The 62nd is guaranteed a new face in Richmond next January, as longtime GOP Del. Riley E, Ingram is retiring after 27 years. Ingram has endorsed Chesterfield County School Board member Carrie E. Coyner as the Republican nominee.
On the Democratic side in the 62nd, two candidates will vie in the primary to oppose Coyner -- Lindsey M. Dougherty of Chester and Tavorise K. Marks of Chesterfield County.
The 62nd stretches from Hopewell and portions of Prince George County to southeaster Chesterfield and has been a reliably red district, although Ingram had a close shave two years ago, defeating Democrat Sheila Bynum-Coleman by 800 votes -- a whisker in political circles.
By virtue of the court-mandated redistricting, Bynum-Coleman will be running as a Democrat in the 66th House District against House Speaker M. Kirkland Cox of Colonial Heights in a district that could be a tighter November race than initially thought, thanks to the new lines.

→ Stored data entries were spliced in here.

(* Let $O=(W,A,Z,R,RY)$ denote the observed data, with $W$ pre-exposure covariates, $A\in\{0,1\}$ a binary exposure, $Z$ a nonempty set of additional covariates, $R\in\{0,1\}$ a selection indicator, and $Y$ a real outcome observed only when $R=1$; let $(W;Z)$ be an $s$-admissible pair with $Z\neq\emptyset$ and $P$ the observed-data distribution. Let $\pi_A(W)=\Pr(A=1\mid W)$, $\pi_R(W,A,Z)=\Pr(R=1\mid W,A,Z)$, $Q_1(W,A,Z)=\mathbb{E}[Y\mid W,A,Z,R=1]$, $Q_2(W,A)=\mathbb{E}_{Z\mid W,A}Q_1(W,A,Z)$, and let $\psi=\Psi[P]=\mathbb{E}_W[Q_2(W,1)-Q_2(W,0)]$ be the ATE given by the $s$-formula. For putative models $(\tilde Q_1,\tilde Q_2,\tilde\pi_A,\tilde\pi_R)$ define $$\tilde D(O)=\frac{A-\tilde\pi_A(W)}{\tilde\pi_A(W)[1-\tilde\pi_A(W)]}\,\frac{R}{\tilde\pi_R(W,A,Z)}\big[Y-\tilde Q_1(W,A,Z)\big]+\frac{A-\tilde\pi_A(W)}{\tilde\pi_A(W)[1-\tilde\pi_A(W)]}\big[\tilde Q_1(W,A,Z)-\tilde Q_2(W,A)\big]+\tilde Q_2(W,1)-\tilde Q_2(W,0)-\psi,$$ i.e. the EIF of $\Psi$ at $P$ with $(Q_1,Q_2,\pi_A,\pi_R)$ replaced by the putative models while $\psi$ is kept as is. Then $\mathbb{E}_P\tilde D(O)=0$ is a valid (robust) estimating equation for $\psi=\Psi[P]$ (i.e. it holds at the true ATE $\psi$) provided at least one of the following holds: (1) the sequential regression models are correctly specified: $\tilde Q_1=Q_1$ and $\tilde Q_2=Q_2$; (2) the exposure and selection propensity score models are correctly specified: $\tilde\pi_A=\pi_A$ and $\tilde\pi_R=\pi_R$; (3) the exposure propensity score model and the mean-imputation model are correctly specified: $\tilde\pi_A=\pi_A$ and $\tilde Q_1=Q_1$.
   Context: An $s$-admissible pair $(W;Z)$ is a pair of covariate sets for which the ATE $\mathbb{E}[Y^{1}-Y^{0}]$ (with $Y^a$ the potential outcome under exposure $a$) is identified from the selected-sample data via the $s$-formula above: $W$ suffices to control confounding of $A$ on $Y$ and $(W,A,Z)$ renders the outcome independent of selection $R$ (so that $Y\perp R\mid W,A,Z$), together with positivity ($0<\pi_A<1$, $\pi_R>0$); the putative propensity models are likewise assumed to satisfy $0<\tilde\pi_A<1$, $\tilde\pi_R>0$. ''Correctly specified'' means the putative model equals the corresponding true nuisance function. The term $RY$ is well defined even when $Y$ is unobserved since it is multiplied by $R$. *)

From mathcomp Require Import all_boot all_order all_algebra all_classical all_reals all_analysis.
Set Implicit Arguments. Unset Strict Implicit. Unset Printing Implicit Defensive.
Import Order.TTheory GRing.Theory Num.Theory.
Local Open Scope ring_scope.
Local Open Scope ereal_scope.
Local Open Scope ring_scope.
Local Open Scope classical_set_scope.

(* [cond_mean P V X f] : the function f : T -> R is (a version of) the
   conditional expectation E[X | V] under P, i.e. f (on the range of the
   measurable V) is measurable, X is integrable, and for every measurable
   test function g with g(V) X integrable, E[g(V) X] = E[g(V) f(V)]. *)
Definition cond_mean d (Omega : measurableType d) (R : realType)
    (P : probability Omega R) dT (T : measurableType dT)
    (V : Omega -> T) (X : Omega -> R) (f : T -> R) : Prop :=
  [/\ measurable_fun setT f,
  P.-integrable setT (EFin \o X) &
  forall g : T -> R, measurable_fun setT g ->
    P.-integrable setT (EFin \o (fun w => g (V w) * X w)) ->
    (\int[P]_w (g (V w) * X w)%:E = \int[P]_w (g (V w) * f (V w))%:E)%E].

(* [cond_mean_sel P V S X f] : f is (a version of) E[X | V, S = 1], i.e.
   f is measurable, S X is integrable, and for every measurable test function
   g with 1{S=1} g(V) X integrable, E[1{S=1} g(V) X] = E[1{S=1} g(V) f(V)]. *)
Definition cond_mean_sel d (Omega : measurableType d) (R : realType)
    (P : probability Omega R) dT (T : measurableType dT)
    (V : Omega -> T) (S : Omega -> bool) (X : Omega -> R) (f : T -> R) : Prop :=
  [/\ measurable_fun setT f,
  P.-integrable setT (EFin \o (fun w => (S w : nat)%:R * X w)) &
  forall g : T -> R, measurable_fun setT g ->
    P.-integrable setT (EFin \o (fun w => (S w : nat)%:R * g (V w) * X w)) ->
    (\int[P]_w ((S w : nat)%:R * g (V w) * X w)%:E
       = \int[P]_w ((S w : nat)%:R * g (V w) * f (V w))%:E)%E].

Definition b2r (R : realType) (b : bool) : R := (b : nat)%:R.

Definition Hcov (R : realType) (TW : Type) (pA : TW -> R) (w : TW) (a : bool) : R :=
  (b2r R a - pA w) / (pA w * (1 - pA w)).

Definition Dtilde (R : realType) (TW TZ : Type)
    (Q1t : TW -> bool -> TZ -> R) (Q2t : TW -> bool -> R)
    (pAt : TW -> R) (pRt : TW -> bool -> TZ -> R) (psi : R)
    (w : TW) (a : bool) (z : TZ) (r : bool) (y : R) : R :=
  Hcov pAt w a * (b2r R r / pRt w a z) * (y - Q1t w a z)
  + Hcov pAt w a * (Q1t w a z - Q2t w a)
  + Q2t w true - Q2t w false - psi.

From mathcomp Require Import all_boot all_order all_algebra all_classical all_reals all_analysis.
From mathcomp Require Import measurable_realfun ring.
Set Implicit Arguments. Unset Strict Implicit. Unset Printing Implicit Defensive.
Import Order.TTheory GRing.Theory Num.Theory.
Local Open Scope ring_scope.
Local Open Scope classical_set_scope.

(* With H~ = (A - pi~A) / (pi~A (1 - pi~A)), D~ is the sum of
   H~ S/pi~R (Y - Q1)                                  a residual of Y given (W,A,Z) on S = 1,
   H~ S/pi~R (Q1 - Q1~) - H~ (Q1 - Q1~)                0 if Q1~ = Q1, a residual of S if pi~R = piR,
   H~ (Q1 - Q2)                                        a residual of Q1 given (W,A),
   H~ (Q2 - Q2~) - [(Q2 - Q2~)(W,1) - (Q2 - Q2~)(W,0)] 0 if Q2~ = Q2, a residual of A if pi~A = piA,
   Q2(W,1) - Q2(W,0) - psi                             centred by the s-formula,
   where a residual of X given V is a product g(V) (X - E[X | V]), which has mean zero. Each of the
   three cases makes both conditional terms vanish in mean. The conditional-mean hypotheses only
   give E[g(V) X] = E[g(V) E[X | V]] when g(V) X is integrable; truncating g and letting the
   truncation level grow (dominated convergence) extends this to every g for which the residual
   itself is integrable. *)

Lemma measurable_inv (R : realType) : measurable_fun setT (@GRing.inv R).
Proof.
have -> : @GRing.inv R = fun x => if x == 0 then 0 else x^-1.
  by apply/funext => x; case: eqP => [->|]; rewrite ?invr0.
apply: measurable_fun_if => //; first exact: measurable_fun_eqr.
rewrite setTI.
have -> : (fun x : R => x == 0) @^-1` [set false] = ~` [set 0].
  by apply/seteqP; split => x /=; case: eqP.
apply: open_continuous_measurable_fun.
  by apply: closed_openC; apply: accessible_closed_set1; exact: hausdorff_accessible.
by move=> x; rewrite inE => /eqP x0; exact: inv_continuous.
Qed.

Lemma measurable_Hcov (R : realType) d (T : measurableType d) (pA : T -> R) :
  measurable_fun setT pA -> measurable_fun setT (fun x : T * bool => Hcov pA x.1 x.2).
Proof.
move=> mpA; have mb : measurable_fun setT (b2r R) by [].
have mpA1 : measurable_fun setT (fun x : T * bool => pA x.1) by apply: measurableT_comp mpA _.
rewrite /Hcov; apply: measurable_funM.
  by apply: measurable_funB => //; apply: measurableT_comp mb _.
apply: measurableT_comp (@measurable_inv R) _.
by apply: measurable_funM => //; exact: measurable_funB.
Qed.

Section integrable_EFin.
Context {d : measure_display} {T : measurableType d} {R : realType}.
Variable mu : {measure set T -> \bar R}.
Implicit Types f g : T -> R.

Lemma integrableD_EFin f g :
  mu.-integrable setT (EFin \o f) -> mu.-integrable setT (EFin \o g) ->
  mu.-integrable setT (EFin \o (fun x => f x + g x)).
Proof.
move=> fi gi; move: (integrableD measurableT fi gi).
by apply: eq_integrable => // x _; rewrite /= EFinD.
Qed.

The court redrew the district to pick up a significant portion of the Jefferson Davis Highway corridor between Chester and the Richmond city limits. The voter base in that region traditionally has supported Democrats in the past, and Cox has been roasted by state Democrats on a regular basis for his stance against abortion and a perceived general defiance against House Democrats.
Another race to watch
In the 11th Senate District that includes Colonial Heights and much of central and north Chesterfield, GOP incumbent Amanda F. Chase is seeking her second term in a district generally considered a safe Republican seat, She will face the winner of the Democratic primary, either Amanda L. Pohl or E. Wayne Powell.

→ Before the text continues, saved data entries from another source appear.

Section Projection.
Context {X : HilbertSpace} (M : X -> Prop).
Hypothesis HM : closed_subspace M.

Lemma closed_subspace_sub a b : M a -> M b -> M (vsub a b).
Proof.
  destruct HM as [_ [Hadd [Hscal _]]]. intros Ha Hb. unfold vsub. rewrite <- vscal_m1. auto.
Qed.

Lemma minimizing_sequence_cauchy (x : X) (d : R) (m : nat -> X) :
  (forall n, M (m n)) -> (forall y, M y -> d <= nsq (vsub x y)) ->
  (forall n, nsq (vsub x (m n)) < d + / (INR n + 1)) -> cauchy m.
Proof.
  destruct HM as [_ [Hadd [Hscal _]]]. intros Hm Hd Hmin.
  assert (Hpar : forall p q, nsq (vsub (m q) (m p)) < 2 * / (INR p + 1) + 2 * / (INR q + 1)).
  { intros p q. set (a := vsub x (m p)). set (b := vsub x (m q)).
    (* the midpoint of [m p] and [m q] lies in [M] *)
    set (c := vscal (Creal (/2)) (vadd (m p) (m q))).
    assert (Eab : vadd a b = vscal (Creal 2) (vsub x c)).
    { unfold a, b, c. rewrite vscal_sub, vscal_mul.
      replace (Cmul (Creal 2) (Creal (/2))) with Defs.C1 by (apply Cx_ext; simpl; field).
      replace (Creal 2) with (Cadd Defs.C1 Defs.C1) by (apply Cx_ext; simpl; ring).
      rewrite vscal_adds, !vscal_one, vadd_sub4. reflexivity. }
    assert (Eba : vsub a b = vsub (m q) (m p)).
    { unfold a, b. rewrite vsub_sub4, vsub_self, vsub_0l, vopp_sub. reflexivity. }
    pose proof (parallelogram a b) as HP. rewrite Eab, Eba, nsq_scal in HP. simpl in HP.
    pose proof (Hd c ltac:(unfold c; auto)). pose proof (Hmin p). pose proof (Hmin q).
    unfold a, b in HP. lra. }
  intros eps Heps. destruct (inv_INR_S_lt (eps * eps / 4)) as [N HN]; [nra|].
  exists N. intros p q Hp Hq. apply norm_lt_nsq; [lra|].
  specialize (Hpar q p). specialize (HN p Hp) as H1. specialize (HN q Hq) as H2. lra.
Qed.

Four years ago, Chase defeated incumbent Stephen H. Martin in a three-way GOP primary and went on to defeat Powell that November with more than two-thirds of the vote.

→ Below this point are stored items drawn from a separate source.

(* Let $\alpha\ge0$ and $k\ge1$, and let $\mathbf{v}$ be a unit vector with exactly $k$ nonzero entries whose sorted absolute values satisfy $v_{(i)}^2=\lambda i^{-\alpha}$ for $i=1,\dots,k$, where $\lambda=\big(\sum_{i=1}^k i^{-\alpha}\big)^{-1}$. Then, with constants depending only on $\alpha$ (not on $k$), $$ \max_{1\le p\le k} p\,s^2(p)\ \asymp\ \begin{cases} k^{2-2\alpha}, & 0\le\alpha<\tfrac12,\\ k, & \alpha\ge\tfrac12.\end{cases} $$
   Context: For a unit vector $\mathbf{v}$ with at most $k$ nonzero entries, $v_{(1)}\ge v_{(2)}\ge\cdots$ are the absolute values of its entries in decreasing order and $s(p)=\big(\sum_{i=1}^p v_{(i)}^2\big)^{-1}$ for $1\le p\le k$. For positive quantities $a_k,b_k$, $a_k\asymp b_k$ means there are constants $0<c\le C$ with $c\,b_k\le a_k\le C\,b_k$ for all (sufficiently large) $k$. *)

From HB Require Import structures.
From mathcomp Require Import all_boot all_order all_algebra.
From mathcomp Require Import all_classical all_reals all_analysis.
Set Implicit Arguments. Unset Strict Implicit. Unset Printing Implicit Defensive.
Import Order.TTheory GRing.Theory Num.Theory.
Local Open Scope ring_scope.

Section Defs.
Variable R : realType.

Definition sorted_abs (n : nat) (v : 'rV[R]_n) : seq R :=
  sort (fun x y : R => y <= x) [seq `|v ord0 j| | j <- enum 'I_n].

(* v_(i), 1-indexed *)
Definition vord (n : nat) (v : 'rV[R]_n) (i : nat) : R := nth 0 (sorted_abs v) i.-1.

Definition sfun (n : nat) (v : 'rV[R]_n) (p : nat) : R :=
  (\sum_(1 <= i < p.+1) vord v i ^+ 2)^-1.

Definition nnz (n : nat) (v : 'rV[R]_n) : nat := #|[set j : 'I_n | v ord0 j != 0]|.

Definition unit_vec (n : nat) (v : 'rV[R]_n) : Prop := \sum_(j < n) v ord0 j ^+ 2 = 1.

Definition lam (alpha : R) (k : nat) : R :=
  (\sum_(1 <= i < k.+1) (i%:R `^ (- alpha)))^-1.

Definition max_ps2 (n : nat) (v : 'rV[R]_n) (k : nat) : R :=
  \big[Num.max/0]_(1 <= p < k.+1) (p%:R * sfun v p ^+ 2).

Definition rate (alpha : R) (k : nat) : R :=
  if alpha < 2^-1 then k%:R `^ (2 - 2 * alpha) else k%:R.
End Defs.

(* The squared entries are proportional to i^-a, so s(p) = H(k) / H(p) for the
   generalized harmonic numbers H(p) = \sum_(i <= p) i^-a, and everything reduces
   to two estimates: H(p) >= p * p^-a = p^(1-a) (the terms decrease), and, writing
   i^-a = i^(1/2-a) / sqrt i and using \sum_(i <= k) 1/sqrt i <= 2 sqrt k,
   H(k) - H(p) <= 2 M sqrt k where M bounds i^(1/2-a) on (p, k].  For a <= 1/2 take
   p = 0 and M = k^(1/2-a), giving H(k) <= 2 k^(1-a), and compare with p = 1; for
   a >= 1/2 take M = p^(1/2-a), giving sqrt p * H(k) <= 3 sqrt k * H(p), and
   compare with p = k. *)
From Pilot Require Import Defs.
From HB Require Import structures.
From mathcomp Require Import all_boot all_order all_algebra.
From mathcomp Require Import all_classical all_reals all_analysis.
From mathcomp Require Import ring lra.
Import Order.TTheory GRing.Theory Num.Theory.
Local Open Scope ring_scope.

Section SqrtEstimates.
Context {R : realType}.

Lemma le0_ger_powR (r : R) : r <= 0 ->
  {in Num.pos &, {homo (@powR R) ^~ r : x y /~ y <= x}}.
Proof.
move=> r_le0 x y; rewrite !posrE => x_gt0 y_gt0 xy; rewrite -[r]opprK !(powRN _ (- r)).
rewrite lef_pV2 ?posrE ?powR_gt0 //.
by apply: ge0_ler_powR; rewrite ?oppr_ge0 ?nnegrE // ltW.
Qed.

(* The term i = 0 of the sum is the junk value 0^-1 = 0. *)
Lemma sum_inv_sqrt_le (m n : nat) :
  \sum_(m <= i < n.+1) (Num.sqrt (i%:R : R))^-1 <= 2 * Num.sqrt (n%:R : R).
Proof.
have term_ge0 (i : nat) : 0 <= (Num.sqrt (i%:R : R))^-1 by rewrite invr_ge0.
suff whole : \sum_(0 <= i < n.+1) (Num.sqrt (i%:R : R))^-1 <= 2 * Num.sqrt n%:R.
  apply: le_trans whole; case: (leqP m n.+1) => [mn|nm].
    by rewrite (big_cat_nat (leq0n m) mn) /= lerDr sumr_ge0.
  by rewrite big_geq ?sumr_ge0 // ltnW.
elim: n => [|n IH]; first by rewrite big_nat1 sqrtr0 invr0 mulr0.
rewrite big_nat_recr //=; move: IH.
set s := Num.sqrt (n%:R : R); set u := Num.sqrt (n.+1%:R : R).
have s_ge0 : 0 <= s by apply: sqrtr_ge0.
have u_gt0 : 0 < u by rewrite sqrtr_gt0 ltr0n.
have us : u ^+ 2 = s ^+ 2 + 1 by rewrite !sqr_sqrtr ?ler0n // -natr1.
have : u^-1 <= 2 * u - 2 * s.
  rewrite -[u^-1]mul1r ler_pdivrMr //.
  have := sqr_ge0 (u - s); rewrite !expr2 in us *; nra.
lra.
Qed.

Lemma sqrt_mul_le_sqr_div {p x y D : R} : 0 <= p -> 0 < x -> 0 <= y ->
  Num.sqrt p * y <= D * x -> p * (y / x) ^+ 2 <= D ^+ 2.
Proof.
move=> p_ge0 x_gt0 y_ge0 le_Dx.
have -> : p * (y / x) ^+ 2 = (Num.sqrt p * y / x) ^+ 2.
  by rewrite -mulrA [RHS]exprMn sqr_sqrtr.
have ratio_ge0 : 0 <= Num.sqrt p * y / x by rewrite divr_ge0 ?mulr_ge0 ?sqrtr_ge0 // ltW.
have ratio_le : Num.sqrt p * y / x <= D by rewrite ler_pdivrMr.
by rewrite !expr2 ler_pM.
Qed.

End SqrtEstimates.

Section Harmonic.
Context {R : realType}.
Variable a : R.

Definition harmonic (p : nat) : R := \sum_(1 <= i < p.+1) i%:R `^ (- a).

Lemma harmonic0 : harmonic 0 = 0.
Proof. by rewrite /harmonic big_geq. Qed.

Lemma harmonic1 : harmonic 1 = 1.
Proof. by rewrite /harmonic big_nat1 powR1. Qed.

Lemma harmonic_gt0 {p : nat} : (0 < p)%N -> 0 < harmonic p.
Proof.
move=> p_gt0; rewrite /harmonic (big_cat_nat (isT : (1 <= 2)%N) (p_gt0 : (2 <= p.+1)%N)).
rewrite /= big_nat1 powR1.
by rewrite ltr_pwDl // sumr_ge0 // => i _; apply: powR_ge0.
Qed.

Lemma harmonic_ge0 (p : nat) : 0 <= harmonic p.
Proof. by rewrite sumr_ge0 // => i _; apply: powR_ge0. Qed.

Lemma natr_powRN_div_sqrt (i : nat) : (0 < i)%N ->
  (i%:R : R) `^ (- a) = i%:R `^ (2^-1 - a) / Num.sqrt i%:R.
Proof.
move=> i_gt0; rewrite -powR12_sqrt ?ler0n // -powRN -powRD; last first.
  by rewrite pnatr_eq0 -lt0n i_gt0 implybT.
by rewrite addrAC subrr add0r.
Qed.

Lemma natr_powR1B_mul_sqrt (p : nat) : (0 < p)%N ->
  (p%:R : R) `^ (1 - a) = p%:R `^ (2^-1 - a) * Num.sqrt p%:R.
Proof.
move=> p_gt0; rewrite -powR12_sqrt ?ler0n // -powRD; last first.
  by rewrite pnatr_eq0 -lt0n p_gt0 implybT.
by congr (_ `^ _); field.
Qed.

Lemma harmonic_le_add (p k : nat) (M : R) : (p <= k)%N -> 0 <= M ->
  (forall i : nat, (p < i <= k)%N -> (i%:R : R) `^ (2^-1 - a) <= M) ->
  harmonic k <= harmonic p + 2 * M * Num.sqrt (k%:R : R).
Proof.
move=> pk M_ge0 bound; rewrite /harmonic (big_cat_nat (ltn0Sn p) (pk : (p.+1 <= k.+1)%N)) /=.
rewrite lerD2l -mulrA mulrCA; apply: le_trans (ler_wpM2l M_ge0 (sum_inv_sqrt_le p.+1 k)).
rewrite mulr_sumr; apply: ler_sum_nat => i /andP[pi ik].
rewrite natr_powRN_div_sqrt ?(leq_trans _ pi) // ler_wpM2r ?invr_ge0 ?sqrtr_ge0 //.
by apply: bound; rewrite pi.
Qed.

Hypothesis a_ge0 : 0 <= a.

Lemma harmonic_ge {p : nat} : (0 < p)%N -> (p%:R : R) `^ (1 - a) <= harmonic p.
Proof.
move=> p_gt0; have -> : (p%:R : R) `^ (1 - a) = \sum_(1 <= i < p.+1) p%:R `^ (- a).
  rewrite sumr_const_nat subn1 /= -[RHS]mulr_natl powRD ?powRr1 ?ler0n //.
  by rewrite pnatr_eq0 -lt0n p_gt0 implybT.
apply: ler_sum_nat => i /andP[i_gt0 ip].
by apply: le0_ger_powR; rewrite ?oppr_le0 ?posrE ?ltr0n ?ler_nat // (leq_trans i_gt0).
Qed.

Lemma natr_powR_sqr (k : nat) :
  (k%:R : R) `^ (2 - 2 * a) = (k%:R `^ (1 - a)) ^+ 2.
Proof.
by rewrite -powR_mulrn ?powR_ge0 // -powRrM; congr (_ `^ _); ring.
Qed.

Lemma harmonic_sqr_ge (k : nat) : (0 < k)%N ->
  (k%:R : R) `^ (2 - 2 * a) <= harmonic k ^+ 2.
Proof.
move=> k_gt0; have ge := harmonic_ge k_gt0.
by rewrite natr_powR_sqr !expr2 ler_pM ?powR_ge0.
Qed.

Section SlowDecay.
Hypothesis a_le12 : a <= 2^-1.

Lemma sqrt_le_harmonic (p : nat) : (0 < p)%N -> Num.sqrt (p%:R : R) <= harmonic p.
Proof.
move=> p_gt0; apply: le_trans (harmonic_ge p_gt0); rewrite natr_powR1B_mul_sqrt //.
rewrite ler_peMl ?sqrtr_ge0 //.
have := @ge0_ler_powR _ (2^-1 - a) _ 1 p%:R; rewrite powR1 /=.
by apply; rewrite ?subr_ge0 ?nnegrE ?ler0n ?ler1n.
Qed.

Lemma harmonic_le_powR (k : nat) : harmonic k <= 2 * k%:R `^ (1 - a).
Proof.
case: k => [|k]; first by rewrite harmonic0 mulr_ge0 ?powR_ge0.
have := @harmonic_le_add 0 k.+1 (k.+1%:R `^ (2^-1 - a)) (leq0n _) (powR_ge0 _ _).
rewrite harmonic0 add0r -mulrA -natr_powR1B_mul_sqrt //; apply=> i /andP[_ ik].
by apply: ge0_ler_powR; rewrite ?subr_ge0 ?nnegrE ?ler0n ?ler_nat.
Qed.

Lemma sqrt_mul_harmonic_le_slow (p k : nat) : (0 < p)%N ->
  Num.sqrt (p%:R : R) * harmonic k <= 2 * k%:R `^ (1 - a) * harmonic p.
Proof.
move=> p_gt0; rewrite mulrC.
by apply: ler_pM; rewrite ?sqrtr_ge0 ?harmonic_ge0 ?harmonic_le_powR ?sqrt_le_harmonic.
Qed.

End SlowDecay.

Lemma sqrt_mul_harmonic_le_fast (p k : nat) : 2^-1 <= a -> (0 < p)%N -> (p <= k)%N ->
  Num.sqrt (p%:R : R) * harmonic k <= 3 * Num.sqrt k%:R * harmonic p.
Proof.
move=> a_ge12 p_gt0 pk.
set x := harmonic p; set y := harmonic k.
set q := Num.sqrt (p%:R : R); set r := Num.sqrt (k%:R : R).
set T := (p%:R : R) `^ (2^-1 - a).
have y_le : y <= x + 2 * T * r.
  apply: harmonic_le_add; rewrite ?powR_ge0 // => i /andP[pi _].
  have i_gt0 : (0 < i)%N := leq_trans p_gt0 (ltnW pi).
  apply: le0_ger_powR; rewrite ?subr_le0 ?posrE ?ltr0n ?ler_nat //; exact: ltnW.
have x_ge : T * q <= x by rewrite -natr_powR1B_mul_sqrt ?harmonic_ge.
have q_le : q <= r by rewrite ler_sqrt ?ler0n ?ler_nat.
have q_ge0 : 0 <= q := sqrtr_ge0 _.
have r_ge0 : 0 <= r := sqrtr_ge0 _.
have x_ge0 : 0 <= x := harmonic_ge0 p.
have /(ler_wpM2l q_ge0) qy_le := y_le.
have /(ler_wpM2r x_ge0) qx_le := q_le.
have /(ler_wpM2r r_ge0) Tqr_le := x_ge.
lra.
Qed.

End Harmonic.

Section PowerLawProfile.
Context {R : realType} {n : nat} {v : 'rV[R]_n} {k : nat}.

Lemma max_ps2_ge {p : nat} : (1 <= p <= k)%N ->
  p%:R * Defs.sfun v p ^+ 2 <= max_ps2 v k.
Proof.
move=> /andP[p_gt0 pk]; rewrite /max_ps2.
apply: (le_bigmax_seq _ _ (fun=> true) (fun p : nat => p%:R * Defs.sfun v p ^+ 2)) => //.
by rewrite mem_index_iota p_gt0 ltnS.
Qed.

Lemma max_ps2_le (B : R) : 0 <= B ->
  (forall p : nat, (1 <= p <= k)%N -> p%:R * Defs.sfun v p ^+ 2 <= B) ->
  max_ps2 v k <= B.
Proof.
move=> B_ge0 bound; rewrite /max_ps2 big_nat_cond; apply: bigmax_le => // p.
by rewrite andbT => /andP[p_gt0 pk]; apply: bound; rewrite p_gt0 -ltnS.
Qed.

Lemma sfun_power_law {alpha : R} :
  (forall i : nat, (1 <= i <= k)%N -> vord v i ^+ 2 = lam alpha k * i%:R `^ (- alpha)) ->
  forall p : nat, (1 <= p <= k)%N -> Defs.sfun v p = harmonic alpha k / harmonic alpha p.
Proof.
move=> v_sqr p /andP[_ pk]; rewrite /Defs.sfun.
rewrite (eq_big_nat _ _ (F2 := fun i => lam alpha k * i%:R `^ (- alpha))); last first.
  by move=> i /andP[i_gt0 ip]; rewrite v_sqr // i_gt0 (leq_trans (ip : (i <= p)%N) pk).
by rewrite -mulr_sumr invfM invrK mulrC.
Qed.

End PowerLawProfile.

Theorem proposition2 (R : realType) (alpha : R) (halpha : 0 <= alpha) :
  exists c C : R, 0 < c /\ 0 < C /\
    forall (k n : nat) (v : 'rV[R]_n),
      (1 <= k)%N ->
      unit_vec v ->
      nnz v = k ->
      (forall i : nat, (1 <= i <= k)%N -> vord v i ^+ 2 = lam alpha k * i%:R `^ (- alpha)) ->
      c * rate alpha k <= max_ps2 v k /\ max_ps2 v k <= C * rate alpha k.
Proof.
exists 1, 9; do 2!split=> //; move=> k n v k_gt0 _ _ v_sqr.
have s_eq := sfun_power_law v_sqr.
have k_range : (1 <= k <= k)%N by rewrite leqnn k_gt0.
rewrite /rate mul1r; case: ltP => [a_lt12 | a_ge12]; split.
- apply: le_trans (max_ps2_ge (p := 1) _); last by rewrite leqnn k_gt0.
  by rewrite s_eq ?leqnn ?k_gt0 // harmonic1 divr1 mul1r harmonic_sqr_ge.
- apply: max_ps2_le; first by rewrite mulr_ge0 ?powR_ge0.
  move=> p /andP[p_gt0 pk]; rewrite s_eq ?p_gt0 //.
  have := sqrt_mul_harmonic_le_slow alpha halpha (ltW a_lt12) p k p_gt0.
  move=> /(sqrt_mul_le_sqr_div (ler0n _ p) (harmonic_gt0 _ p_gt0) (harmonic_ge0 _ k)).
  move=> /le_trans; apply; rewrite exprMn -natr_powR_sqr ler_wpM2r ?powR_ge0 //; lra.
- apply: le_trans (max_ps2_ge k_range).
  by rewrite s_eq // divff ?expr1n ?mulr1 ?gt_eqF ?harmonic_gt0.
- apply: max_ps2_le; first by rewrite mulr_ge0 ?ler0n.
  move=> p /andP[p_gt0 pk]; rewrite s_eq ?p_gt0 //.
  have := sqrt_mul_harmonic_le_fast alpha halpha p k a_ge12 p_gt0 pk.
  move=> /(sqrt_mul_le_sqr_div (ler0n _ p) (harmonic_gt0 _ p_gt0) (harmonic_ge0 _ k)).
  move=> /le_trans; apply; rewrite exprMn sqr_sqrtr ?ler0n // ler_wpM2r ?ler0n //; lra.
Qed.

During her Senate tenure, Chase became known for supporting gun rights and other traditional Republican values. She also was successful in getting Virginia to repeal its requirement that public-school systems start classes after Labor Day.
But she also has pushed for government transparency with a Democratic colleague. This session, Chase also got some attention when she refused to join the GOP call for the ouster of Lt. Gov. Justin E. Fairfax over allegations of sexual misconduct with two women. Chase pushed for due process over a GOP move to hold legislative hearings on Fairfax’s case.